Nearly 50 people attended Vanderbilt’s first BlueSky visioning session to generate bold and creative approaches for reducing the university’s carbon footprint.

FutureVU launched the BlueSky Vision Energy Study in January to identify effective strategies for reducing carbon emissions on campus. Components of the study include, but are not limited to, local and off-site energy generation, utility distribution, energy consumption and conservation, water use, and operations. The study will culminate in a comprehensive “BlueSky Vision” for campus energy in 2018.

“As with all FutureVU efforts, collaboration across the Vanderbilt community is essential for a successful outcome,” Vice Chancellor for Administration Eric Kopstain said. “It is encouraging to see many faculty, staff and students engaging with this topic.”

The two-day event March 26-27 at the Kissam Center gathered BlueSky advisory committee members and other campus partners to identify and prioritize goals for carbon emissions reduction leading to measurable outcomes.

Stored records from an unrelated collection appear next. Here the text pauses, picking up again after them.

Lemma dist_along_normal x t : hdist x (P x) = r -> 0 <= t ->
  hdist (hadd x (hscal t (body_normal P r x))) (P (hadd x (hscal t (body_normal P r x)))) = r + t.
Proof.
  intros Hx Ht. unfold body_normal.
  assert (Hs : 0 <= t / r) by (unfold Rdiv; apply Rmult_le_pos; [lra| apply Rlt_le, Rinv_0_lt_compat; lra]).
  replace (hadd x (hscal t (hscal (/ r) (hsub x (P x))))) with (hadd x (hscal (t / r) (hsub x (P x))))
    by vec_eq.
  rewrite (proj_ray W P HP x _ Hs). unfold hdist.
  replace (hsub (hadd x (hscal (t / r) (hsub x (P x)))) (P x))
    with (hscal (1 + t / r) (hsub x (P x))) by vec_eq.
  rewrite norm_scal_nonneg by lra. fold (hdist x (P x)). rewrite Hx. field. lra.
Qed.

Lemma parallel_body_boundary x : boundary (parallel_body P r) x <-> hdist x (P x) = r.
Proof.
  split.
  - intro Hb. assert (Hx := boundary_in _ x parallel_body_closed Hb).
    destruct Hx as [Hlt|]; auto. exfalso. apply (proj2 Hb), parallel_body_interior, Hlt.
  - intro Hx. split; [apply closure_self; unfold parallel_body; lra|].
    intros [e [He Hint]].
    assert (H := Hint (hadd x (hscal (e / 2) (body_normal P r x)))).
    unfold parallel_body in H. rewrite dist_along_normal in H by (auto; lra).
    enough (hdist (hadd x (hscal (e / 2) (body_normal P r x))) x < e) by (specialize (H H0); lra).
    unfold hdist. replace (hsub (hadd x (hscal (e / 2) (body_normal P r x))) x)
      with (hscal (e / 2) (body_normal P r x)) by vec_eq.
    rewrite norm_scal_nonneg, body_normal_unit by (auto; lra). lra.
Qed.

Lemma parallel_body_chart x : boundary (parallel_body P r) x ->
  local_chart (boundary (parallel_body P r)) x 1 (body_fun P r) (body_grad P).
Proof.
  intro Hb. apply parallel_body_boundary in Hb. split; [lra| split; [| split]].
  - intros q _. split.
    + intros eps He. destruct (sq_dist_frechet W P HP q eps He) as [d [Hd Hfr]].
      exists d. split; auto. intros q' Hq'. specialize (Hfr q' Hq').
      unfold body_fun. replace (hinner (hsub q' (P q')) (hsub q' (P q')) - r * r -
        (hinner (hsub q (P q)) (hsub q (P q)) - r * r)) with
        (hinner (hsub q' (P q')) (hsub q' (P q')) - hinner (hsub q (P q)) (hsub q (P q))) by ring.
      exact Hfr.
    + intros eps He. exists (eps / 2). split; [lra|]. intros q' Hq'.
      unfold hdist, body_grad.
      replace (hsub (hscal 2 (hsub q' (P q'))) (hscal 2 (hsub q (P q))))
        with (hscal 2 (hsub (hsub q' (P q')) (hsub q (P q)))) by vec_eq.
      rewrite norm_scal_nonneg by lra. fold (hdist (hsub q' (P q')) (hsub q (P q))).
      assert (F := residual_nonexpansive W P HP q' q). lra.
  - intro E. assert (H : hnorm (body_grad P x) = 2 * r).
    { unfold body_grad. rewrite norm_scal_nonneg by lra. fold (hdist x (P x)). rewrite Hb. ring. }
    rewrite E, norm_hzero in H. lra.
  - intros q _. rewrite parallel_body_boundary. unfold body_fun.
    rewrite <- hnorm_sq. fold (hdist q (P q)).
    assert (Hq := hdist_nonneg q (P q)). split; intro H; [rewrite H; ring| nra].
Qed.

“This gathering was a unique opportunity to bring experts together and strategize about where we want carbon emissions at Vanderbilt to be in 10 or 20 years,” Associate Vice Chancellor and Chief Facilities Officer Mike Perez said.

(Anne Rayner/Vanderbilt)

 

The visioning exercise included presentations, dialogue and working sessions that generated more ideas for sustainable practices across the university. Earlier this semester, Vanderbilt released a redesigned sustainability report that included the university’s latest greenhouse gas (GHG) emissions figures, which come from three evenly split sources. This session discussed emissions from the power generated on campus and the power purchased from the Nashville Electric Service. The third source—commuting, air travel, recycling and waste disposal emissions—is being studied in the FutureVU mobility and transportation planning efforts.

The session also featured an open house where others from the Vanderbilt community conversed with lead members of the project team about next steps for the study. Further community engagement is planned in the coming weeks to solicit additional involvement and ideas. Another visioning session is set for the start of the fall semester, and details will be released later this summer.